A standard collapsing approach was used to test the overall burden of rare variants in cases vs controls at the gene level. Protein-truncating variants (PTV) were defined following the annotation as “LOF” by SnpEff based on the conservative definition provided by MacArthur et al.25. In brief, they included the nonsense, frameshift InDels, and canonical splice site variants that are predicted to result in a loss of function, taking into account their position in the gene sequence. Missense variants were classified as Mis3, Mis2, and Mis1 or benign if they were predicted damaging by respectively 3, 2, 1, or 0 of the following bioinformatics predictions tools: polyphen2 (HumDiv)26, Mutation Taster227, and SIFT28. After exclusion of benign variants, statistical analyses were based on four embedded classes of variants: PTV, PTV+Mis3, PTV+Mis3+Mis2, and PTV+Mis3+Mis2+Mis1.
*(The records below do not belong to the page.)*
Definition step (L W : nat) (o : op) (s : state) : option state :=
  match o with
  | Store i =>
      match upstream s with
      | [::] => None
      | c :: u =>
          if (i < L) && (size (nth [::] (lanes s) i) < W) then
            Some (mkState u (set_nth [::] (lanes s) i (rcons (nth [::] (lanes s) i) c))
                          (downstream s))
          else None
      end
  | Retrieve i =>
      if i < L then
        match nth [::] (lanes s) i with
        | [::] => None
        | c :: rest =>
            Some (mkState (upstream s) (set_nth [::] (lanes s) i rest)
                          (rcons (downstream s) c))
        end
      else None
  end.

Fixpoint run (L W : nat) (ops : seq op) (s : state) : option state :=
  match ops with
  | [::] => Some s
  | o :: os => match step L W o s with
               | None => None
               | Some s' => run L W os s'
               end
  end.

Definition buffer_empty (s : state) : bool := all (fun l => l == [::]) (lanes s).
Definition buffer_full (W : nat) (s : state) : bool := all (fun l => size l == W) (lanes s).

Definition finished (s : state) : bool := (upstream s == [::]) && buffer_empty s.

Definition flex_solution (L W : nat) (cs : seq nat) (out : seq nat) : Prop :=
  exists ops, exists s, run L W ops (init_state L cs) = Some s /\ finished s /\ downstream s = out.

(* Store-then-retrieve: a phase flag (true = storage phase, false = retrieval
   phase).  The storage phase ends as soon as the buffer is full
   or the upstream sequence is exhausted; the retrieval phase ends as soon as
   the buffer is empty. *)
Definition step_str (L W : nat) (o : op) (ps : bool * state) : option (bool * state) :=
  let: (storing, s) := ps in
  match o with
  | Store _ =>
      if storing then
        match step L W o s with
        | None => None
        | Some s' => Some (~~ (buffer_full W s' || (upstream s' == [::])), s')
        end
      else None
  | Retrieve _ =>
      if storing then None
      else
        match step L W o s with
        | None => None
        | Some s' => Some (buffer_empty s', s')
        end
  end.

Fixpoint run_str (L W : nat) (ops : seq op) (ps : bool * state) : option (bool * state) :=
  match ops with
  | [::] => Some ps
  | o :: os => match step_str L W o ps with
               | None => None
               | Some ps' => run_str L W os ps'
               end
  end.

Definition str_solution (L W : nat) (cs : seq nat) (out : seq nat) : Prop :=
  exists ops, exists ps, run_str L W ops (true, init_state L cs) = Some ps
    /\ finished ps.2 /\ downstream ps.2 = out.

Definition color_changes (s : seq nat) : nat :=
  match s with
  | [::] => 0
  | _ :: t => count (fun p => p.1 != p.2) (zip s t)
  end.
For every gene, the proportions of variant carriers were compared between cases and controls using a Fisher exact test with the R statistical software (http://www.R-project.org/). The same gene-level association tests were applied to every coding region to extract all possible gene-level p values. A Bonferroni adjusted p < 2.5 × 10−6 was considered to be statistically significant on an exome-wide level given the theoretical number of genes tested. In addition, we computed a false discovery rate (FDR).

Consistency with ExAC

All variants detected in non-Finnish European (NFE) individuals from the Exome Aggregation Consortium database (ExAC) were downloaded from the open access web resource http://exac.broad institute.org/. Variants with MAF below 1% and missingness below 20% within this population were retained for analysis. They were annotated for functional consequences with SnpEff 4.2 and SnpSift 4.2 and classified into PTV, Mis3, Mis2, Mis1, and benign variants exactly like all variants from our own data set. For each variant class of interest (PTV, PTV+Mis3, PTV+Mis3+Mis2, PTV+Mis3+Mis2+Mis1), allele counts were aggregated by gene (total allele count, TAC) and divided by the maximum number of individuals with allele information (ANmax) on this gene to obtain an approximation of the proportion of variant carriers in the NFE population. The validity of this approximation relies on the rarity of double carriers, which is a sound assumption considering the extreme rarity of most variants, but also presumes that coverage is close to uniform within a gene and that most samples with missing information will not carry any variant.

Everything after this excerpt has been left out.